Размер шрифта
-
+

Скальпель разума и крылья воображения. Научные дискурсы в английской культуре раннего Нового времени - стр. 74

В «Истории ЛКО», опубликованной в 1667 г. Томасом Спратом (1635–1713; член ЛКО с 1663 г.), которую рассматривают как методологический манифест ЛКО, декларируются следующие требования к научному дискурсу: «…но была еще одна проблема, а именно способ их дискурса <…> весь дух и сила их замысла была бы вскоре сожрана роскошью и излишеством речи. Дурное влияние этой преизбыточной болтовни уже охватило все другие науки и профессии <…> красноречие должно быть изгнано из всех цивилизованных обществ <…> сколько туманов и неясностей этих пресловутых тропов и фигур навешано на наши знания. <…> для естественной философии это самый открытый враг. Необходимо вернуться к изначальной чистоте и краткости, когда люди выражали некоторое количество вещей почти равным количеством слов. От всех своих членов они потребовали сжатый (букв. облегающий, тесный. – И. Л.), голый природный способ речи, положительные выражения, ясные чувства, врожденную легкость, приближающую все вещи, насколько это возможно к математической простоте, предпочитая язык ремесленников, провинциалов и купцов языку остроумцев или ученых»[398]. Словесный аскетизм противопоставляется изысканности и риторической избыточности, математическая логичность – поэтическому остроумию, положительные выражения – схоластике аристотелевской логики университетов. Стремление «говорить на языке простолюдинов» означало не только желание сделать знание понятным для этих социальных страт, но и сформировать терминологическую точность на основе употребления исключительно денотата.
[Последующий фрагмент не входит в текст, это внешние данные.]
(* Let $\kappa=[2\ell]$ with $\ell\in\mathbb Z$. Then $g^{(n)}(\kappa)\in\mathbb Z[q,q^{-1}]$ for all $n\ge0$.
   Context: $q$ is an indeterminate, $[n]=\frac{q^n-q^{-n}}{q-q^{-1}}$ for $n\in\mathbb Z$, $[n]!=[1]\cdots[n]$, $[0]!=1$. The polynomials $g_n(x)$ are $g_{2m}(x)=\prod_{i=0}^{m-1}(x^2-[2i]^2)$ and $g_{2m+1}(x)=x\prod_{i=1}^m(x^2-[2i]^2)$, and $g^{(n)}=g_n/[n]!$. *)

From HB Require Import structures.
From mathcomp Require Import all_boot all_order all_algebra.
From mathcomp Require Import fraction.
Set Implicit Arguments. Unset Strict Implicit. Unset Printing Implicit Defensive.
Import Order.TTheory GRing.Theory Num.Theory.
Local Open Scope ring_scope.

(* K = Q(q), realised as the field of fractions of Z[q]. *)
Definition K : fieldType := {fraction {poly int}}.

Definition qv : K := tofrac ('X : {poly int}).

Definition qint (n : int) : K := (qv ^ n - qv ^ (- n)) / (qv - qv^-1).

Definition qfact (n : nat) : K := \prod_(1 <= i < n.+1) qint i%:Z.

Definition gpoly (n : nat) (x : K) : K :=
  if odd n then x * \prod_(1 <= i < (n./2).+1) (x ^+ 2 - qint (2 * i)%N%:Z ^+ 2)
  else \prod_(0 <= i < n./2) (x ^+ 2 - qint (2 * i)%N%:Z ^+ 2).

Definition gdiv (n : nat) (x : K) : K := gpoly n x / qfact n.

(* membership in the subring Z[q, q^{-1}] of Q(q) *)
Definition laurent (x : K) : Prop :=
  exists (p : {poly int}) (k : nat), x = tofrac p / qv ^+ k.

From HB Require Import structures.
From mathcomp Require Import all_boot all_order all_algebra.
From mathcomp Require Import fraction ring zify.
Import GRing.Theory.
Local Open Scope ring_scope.
Set Implicit Arguments. Unset Strict Implicit. Unset Printing Implicit Defensive.

(* With x = [2l], every factor x^2 - [2i]^2 of g_n(x) splits as [2l-2i][2l+2i],
   so g_{2m+1}([2l]) is the product of the 2m+1 quantum integers
   [2(l-m)], [2(l-m+1)], ..., [2(l+m)].  Since [2k]_q = [2]_q [k]_{q^2} and
   [2k]_q = [k]_q (q^k + q^-k), dividing by [2m+1]! leaves the Gaussian binomial
   coefficient [l+m choose 2m+1]_{q^2} times prod_{k <= 2m+1} (q^k + q^-k).  As
   g_{2m+2}(x) = x g_{2m+1}(x), the even case is a sum of two such binomials times
   the same product.  Gaussian binomials with an arbitrary integer top are Laurent
   polynomials: the q-Pascal recurrence can be run both upwards and downwards
   from [N choose N] = 1. *)

Section QuantumIntegers.
Variables (F : fieldType) (q : F).
Hypothesis q_neq0 : q != 0.

Definition qnum (k : int) : F := (q ^ k - q ^ (- k)) / (q - q^-1).
Definition qsum (k : int) : F := q ^ k + q ^ (- k).

Let expzN k : q ^ (- k) = (q ^ k)^-1. Proof. by rewrite invr_expz. Qed.
Let expzD a b : q ^ (a + b) = q ^ a * q ^ b. Proof. exact: expfzDr. Qed.

(* Treating (q - q^-1)^-1 as an opaque constant, the identities below need no
   assumption on q - q^-1. *)
Let qnumE k : qnum k = (q ^ k - (q ^ k)^-1) * (q - q^-1)^-1.
Proof. by rewrite /qnum expzN. Qed.

Lemma qnum0 : qnum 0 = 0.
Proof. by rewrite /qnum oppr0 subrr mul0r. Qed.

Lemma qnumD a b : qnum (a + b) = q ^ b * qnum a + q ^ (- a) * qnum b.
Proof.
rewrite !qnumE !expzD expzN; move: (q - q^-1)^-1 => c.
have := expfz_neq0 a q_neq0; have := expfz_neq0 b q_neq0.
by move: (q ^ a) (q ^ b) => u v v0 u0; field; rewrite u0 v0.
Qed.

Lemma qnumM_qsum a b : qnum a * qsum b = qnum (a + b) + qnum (a - b).
Proof.
rewrite /qsum !qnumE !expzD !expzN; move: (q - q^-1)^-1 => c.
have := expfz_neq0 a q_neq0; have := expfz_neq0 b q_neq0.
by move: (q ^ a) (q ^ b) => u v v0 u0; field; rewrite u0 v0.
Qed.

Lemma qnum_sqr_sub a b : qnum a ^+ 2 - qnum b ^+ 2 = qnum (a - b) * qnum (a + b).
Proof.
rewrite !qnumE !expzD !expzN; move: (q - q^-1)^-1 => c.
have := expfz_neq0 a q_neq0; have := expfz_neq0 b q_neq0.
by move: (q ^ a) (q ^ b) => u v v0 u0; field; rewrite u0 v0.
Qed.

Lemma qnum_double k : qnum (2 * k) = qnum k * qsum k.
Proof. by rewrite qnumM_qsum subrr qnum0 addr0 mulr_natl mulr2n. Qed.

End QuantumIntegers.

Section GaussianBinomial.
Variables (F : fieldType) (q : F).
Hypotheses (q_neq0 : q != 0) (q_not_root : forall n, q ^+ n.+1 != 1).

Let expr_subV_neq0 n : q ^+ n.+1 - (q ^+ n.+1)^-1 != 0.
Proof.
have qn0 : q ^+ n.+1 != 0 by rewrite expf_neq0.
have -> : q ^+ n.+1 - (q ^+ n.+1)^-1 = (q ^+ (n.*2.+1).+1 - 1) / q ^+ n.+1.
  rewrite -doubleS -muln2 exprM; move: (q ^+ n.+1) qn0 => u u0.
  by field.
by rewrite mulf_neq0 ?invr_neq0 // subr_eq0 q_not_root.
Qed.

Lemma qnum_neq0 (n : nat) : qnum q n.+1 != 0.
Proof.
rewrite /qnum -invr_expz mulf_neq0 ?invr_neq0 //; first exact: expr_subV_neq0.
by have := expr_subV_neq0 0; rewrite expr1.
Qed.

Lemma qsum_neq0 (n : nat) : qsum q n.+1 != 0.
Proof.
have := qnum_neq0 (n.*2.+1); rewrite -doubleS -mul2n PoszM qnum_double //.
by rewrite mulf_eq0 negb_or => /andP[].
Qed.

(* [qbinom a N] is the Gaussian binomial coefficient [a+N-1 choose N]_q. *)
Definition qbinom (a : int) (N : nat) : F :=
  \prod_(i < N) qnum q (a + i%:Z) / \prod_(i < N) qnum q i.+1.

Lemma qbinomSr a N : qbinom a N.+1 = qbinom a N * (qnum q (a + N) / qnum q N.+1).
Proof. by rewrite /qbinom !big_ord_recr mulf_div. Qed.

Lemma qbinomSl a N : qbinom (a - 1) N.+1 = qnum q (a - 1) / qnum q N.+1 * qbinom a N.
Proof.
rewrite /qbinom big_ord_recl big_ord_recr /= addr0 mulf_div [_ * qnum q N.+1]mulrC.
congr (_ / _); congr (_ * _); apply: eq_bigr => i _; congr (qnum q _).
rewrite /bump /=; lia.
Qed.

Lemma qbinom1 N : qbinom 1 N = 1.
Proof.
rewrite /qbinom (eq_bigr (fun i : 'I_N => qnum q i.+1)) => [|i _].
  by rewrite divff //; apply/prodf_neq0 => i _; exact: qnum_neq0.
by congr (qnum q _); lia.
Qed.

Lemma qbinom_pascal a N :
  qbinom a N.+1 = q ^ N.+1 * qbinom (a - 1) N.+1 + q ^ (1 - a) * qbinom a N.
Proof.
rewrite qbinomSl qbinomSr.
have -> : a + N%:Z = a - 1 + N.+1 by lia.
rewrite qnumD // opprB.
by field; rewrite qnum_neq0.
Qed.

Lemma qbinomS_center a (m : nat) :
  qbinom (a - m%:Z) m.*2.+1 * (qnum q a / qnum q m.+1) =
  qbinom (a - m%:Z) m.*2.+2 + qbinom (a - m%:Z - 1) m.*2.+2.
Proof.
rewrite [qbinom _ _.+2]qbinomSr qbinomSl.
have -> : (m.*2.+2)%:Z = 2 * (m.+1)%:Z by lia.
have -> : a - m%:Z + (m.*2.+1)%:Z = a + (m.+1)%:Z by lia.
have -> : a - m%:Z - 1 = a - (m.+1)%:Z by lia.
rewrite qnum_double // -[qnum q (a + _)](addrK (qnum q (a - (m.+1)%:Z))).
rewrite -qnumM_qsum //.
by field; rewrite qnum_neq0 qsum_neq0.
Qed.

End GaussianBinomial.

Section DoubleBase.
Variables (F : fieldType) (q : F).
Hypotheses (q_neq0 : q != 0) (q_not_root : forall n, q ^+ n.+1 != 1).

Lemma expr2_not_root n : (q ^+ 2) ^+ n.+1 != 1.
Proof. by rewrite -exprM mul2n doubleS q_not_root. Qed.

Lemma qnum_double_base k : qnum q (2 * k) = qnum q 2 * qnum (q ^+ 2) k.
Proof.
have qk0 := expfz_neq0 k q_neq0.
rewrite /qnum -!invr_expz (exprz_exp q 2 k : (q ^+ 2) ^ k = _).
rewrite mulr_natl mulr2n expfzDr //.
move: (q ^ k) qk0 => u u0.
by field; rewrite q_neq0 u0 -expr2 -exprM !subr_eq0 !q_not_root.
Qed.

Lemma prod_qnum_double N (f : 'I_N -> int) :
  \prod_(i < N) qnum q (2 * f i) = qnum q 2 ^+ N * \prod_(i < N) qnum (q ^+ 2) (f i).
Proof.
under eq_bigr => i _ do rewrite qnum_double_base.
by rewrite big_split prodr_const card_ord.
Qed.

Lemma qbinom_double a N :
  \prod_(i < N) qnum q (2 * (a + i%:Z)) / \prod_(i < N) qnum q i.+1 =
  qbinom (q ^+ 2) a N * \prod_(i < N) qsum q i.+1.
Proof.
have den : \prod_(i < N) qnum q i.+1 * \prod_(i < N) qsum q i.+1 =
    qnum q 2 ^+ N * \prod_(i < N) qnum (q ^+ 2) i.+1.
  rewrite -big_split -(prod_qnum_double (fun i : 'I_N => i.+1%:Z)).
  by apply: eq_bigr => i _; rewrite qnum_double.
have two_neq0 : qnum q 2 ^+ N != 0.
  by rewrite expf_neq0 // (qnum_neq0 q_neq0 q_not_root 1).
have facts_neq0 : \prod_(i < N) qnum q i.+1 != 0.
  by apply/prodf_neq0 => i _; exact: qnum_neq0.
have qsums_neq0 : \prod_(i < N) qsum q i.+1 != 0.
  by apply/prodf_neq0 => i _; exact: qsum_neq0.
rewrite prod_qnum_double /qbinom.
have -> : \prod_(i < N) qnum (q ^+ 2) i.+1 =
    \prod_(i < N) qnum q i.+1 * \prod_(i < N) qsum q i.+1 / qnum q 2 ^+ N.
  by rewrite den mulrC mulKf.
by field; rewrite two_neq0 facts_neq0 qsums_neq0.
Qed.

Lemma qnum_double_ratio a b :
  qnum q (2 * a) / qnum q (2 * b) = qnum (q ^+ 2) a / qnum (q ^+ 2) b.
Proof.
rewrite !qnum_double_base -mulf_div divff ?mul1r //.
exact: (qnum_neq0 q_neq0 q_not_root 1).
Qed.

End DoubleBase.

(* The ring and field tactics do not terminate on K, hence all field algebra is
   done over an abstract field above. *)
Lemma qv_neq0 : qv != 0.
Proof. by rewrite /qv tofrac_eq0 polyX_eq0. Qed.

Lemma qv_not_root n : qv ^+ n.+1 != 1.
Proof.
rewrite /qv -tofracXn -tofrac1 tofrac_eq.
apply/eqP => /(congr1 (fun p : {poly int} => size p)).
by rewrite size_polyXn size_poly1.
Qed.

Lemma qintE : qint = qnum qv.
Proof. by []. Qed.

Lemma laurent1 : laurent 1.
Proof. by exists 1, 0%N; rewrite tofrac1 expr0 divr1. Qed.

Lemma laurentN x : laurent x -> laurent (- x).
Proof. by move=> [p [a ->]]; exists (- p), a; rewrite tofracN mulNr. Qed.

Lemma laurentD x y : laurent x -> laurent y -> laurent (x + y).
Proof.
move=> [p [a ->]] [r [b ->]]; exists (p * 'X^b + r * 'X^a), (a + b)%N.
by rewrite tofracD !tofracM !tofracXn -/qv exprD addf_div ?(expf_neq0 _ qv_neq0).
Qed.

Lemma laurentM x y : laurent x -> laurent y -> laurent (x * y).
Proof.
move=> [p [a ->]] [r [b ->]]; exists (p * r), (a + b)%N.
by rewrite tofracM exprD mulf_div.
Qed.

Lemma laurent_exprz z : laurent (qv ^ z).
Proof.
case: z => n; first by exists 'X^n, 0%N; rewrite expr0 divr1 tofracXn.
by exists 1, n.+1; rewrite tofrac1 div1r.
Qed.

Lemma laurent_prod N (f : 'I_N -> K) :
  (forall i, laurent (f i)) -> laurent (\prod_(i < N) f i).
Proof. by move=> Lf; apply: big_ind => //; [exact: laurent1 | exact: laurentM]. Qed.

Lemma laurent_qbinom a N : laurent (qbinom (qv ^+ 2) a N).
Proof.
elim: N a => [|N IH] a; first by rewrite /qbinom !big_ord0 divr1; exact: laurent1.
have Q_neq0 : qv ^+ 2 != 0 by rewrite expf_neq0 ?qv_neq0.
have Q_not_root := expr2_not_root qv_not_root.
have laurentQ z : laurent ((qv ^+ 2) ^ z).
  by rewrite (exprz_exp qv 2 z : (qv ^+ 2) ^ z = _); exact: laurent_exprz.
have pascal := qbinom_pascal Q_neq0 Q_not_root.
suff: forall k, laurent (qbinom (qv ^+ 2) (1 + k) N.+1).
  by move/(_ (a - 1)); rewrite addrC subrK.
elim/int_rect => [|k Lk|k Lk].
- by rewrite addr0 (qbinom1 Q_neq0 Q_not_root); exact: laurent1.
- rewrite pascal (_ : 1 + k.+1%:Z - 1 = 1 + k); last by lia.
  by apply: laurentD; apply: laurentM.
- have -> : qbinom (qv ^+ 2) (1 - k.+1%:Z) N.+1 = (qv ^+ 2) ^ (- N.+1%:Z) *
      (qbinom (qv ^+ 2) (1 - k%:Z) N.+1 - (qv ^+ 2) ^ k%:Z * qbinom (qv ^+ 2) (1 - k%:Z) N).
    rewrite [qbinom _ (1 - k%:Z) N.+1]pascal subKr addrK mulrA.
    rewrite -(expfzDr _ _ Q_neq0) addNr expr0z mul1r.
    by congr qbinom; lia.
  by apply: laurentM => //; apply: laurentD => //; apply: laurentN; apply: laurentM.
Qed.

Lemma laurent_qsums N : laurent (\prod_(i < N) qsum qv i.+1).
Proof. by apply: laurent_prod => i; apply: laurentD; exact: laurent_exprz. Qed.

Lemma gpoly_odd m x :
  gpoly m.*2.+1 x = x * \prod_(1 <= i < m.+1) (x ^+ 2 - qint (2 * i)%N%:Z ^+ 2).
Proof. by rewrite /gpoly /= odd_double /= uphalf_double. Qed.

Lemma gpoly_even_odd m x : gpoly m.+1.*2 x = x * gpoly m.*2.+1 x.
Proof.
rewrite gpoly_odd /gpoly odd_double half_double big_ltn // muln0.
by rewrite qintE qnum0 expr0n subr0 mulrA -expr2.
Qed.

Lemma gpoly_odd_qint l m :
  gpoly m.*2.+1 (qint (2 * l)) = \prod_(0 <= i < m.*2.+1) qint (2 * (l - m%:Z + i%:Z)).
Proof.
elim: m => [|m IH]; first by rewrite gpoly_odd big_geq // mulr1 big_nat1 subr0 addr0.
rewrite gpoly_odd big_nat_recr // mulrA -gpoly_odd IH.
rewrite qintE (qnum_sqr_sub qv_neq0).
rewrite doubleS [RHS]big_nat_recl // [in RHS]big_nat_recr // -qintE mulrCA.
congr (qint _ * (_ * qint _)); try lia.
by apply: eq_big_nat => i _; congr qint; lia.
Qed.

Lemma qfact_prod N : qfact N = \prod_(i < N) qint i.+1.
Proof. by rewrite /qfact big_add1 big_mkord. Qed.

Lemma qfactS n : qfact n.+1 = qfact n * qint n.+1.
Proof. by rewrite /qfact big_nat_recr. Qed.

Lemma gdiv_odd l m :
  gdiv m.*2.+1 (qint (2 * l)) =
  qbinom (qv ^+ 2) (l - m%:Z) m.*2.+1 * \prod_(i < m.*2.+1) qsum qv i.+1.
Proof.
rewrite /gdiv gpoly_odd_qint big_mkord qfact_prod qintE.
exact: (qbinom_double qv_neq0 qv_not_root).
Qed.

Lemma gdiv_even l m :
  gdiv m.+1.*2 (qint (2 * l)) =
  (qbinom (qv ^+ 2) (l - m%:Z) m.*2.+2 + qbinom (qv ^+ 2) (l - m%:Z - 1) m.*2.+2) *
  \prod_(i < m.*2.+1) qsum qv i.+1.
Proof.
have Q_neq0 : qv ^+ 2 != 0 by rewrite expf_neq0 ?qv_neq0.
rewrite -(qbinomS_center Q_neq0 (expr2_not_root qv_not_root)) mulrAC.
rewrite -gdiv_odd /gdiv gpoly_even_odd doubleS qfactS [qint _ * _]mulrC -mulf_div.
have -> : (m.*2.+2)%:Z = 2 * (m.+1)%:Z by lia.
by rewrite qintE (qnum_double_ratio qv_neq0 qv_not_root).
Qed.

Theorem lemma2p5 (l : int) (n : nat) : laurent (gdiv n (qint (2 * l))).
Proof.
rewrite -[n]odd_double_half; case: (odd n); set m := n./2.
  rewrite add1n gdiv_odd.
  by apply: laurentM; [exact: laurent_qbinom | exact: laurent_qsums].
rewrite add0n; case: m => [|m].
  by rewrite /gdiv /gpoly /qfact !big_geq // divr1; exact: laurent1.
rewrite gdiv_even; apply: laurentM; last exact: laurent_qsums.
by apply: laurentD; exact: laurent_qbinom.
Qed.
Манифестация «ясности» через сближение с математической логикой, как и «затемненности» в соединении с «риторичностью» – признак ограничения социальной группы, владеющей специфическим, отличным от доступного многим предшествующего дискурса, поскольку «риторичность» тоже может быть понятной для многих, так же как и математическая логика – понятной для избранных. В предписании говорить на «языке простолюдинов и торговцев» можно усмотреть явное желание отделить свой дискурс как от влияния королевского двора, так и влияния университетской схоластической учености, основанной на средневековой версии методологии Аристотеля. Ученые ЛКО стремились создать альтернативный способ познания, отличный от схоластической дедуктивной систематизации в традиции Фомы Аквинского, благодаря простому индуктивному принципу познания, когда опыт предшествует теории: «Они сделали выдвижение правил и предложений настолько более сложным, насколько их регистры [книги записи опытов] были бы более методичными. Нельзя это пренебрежение связностью и порядком считать происходящим из беспечности. <…> явное стремление свести науки к методу, красоте и форме явно бы осложнило их»[399].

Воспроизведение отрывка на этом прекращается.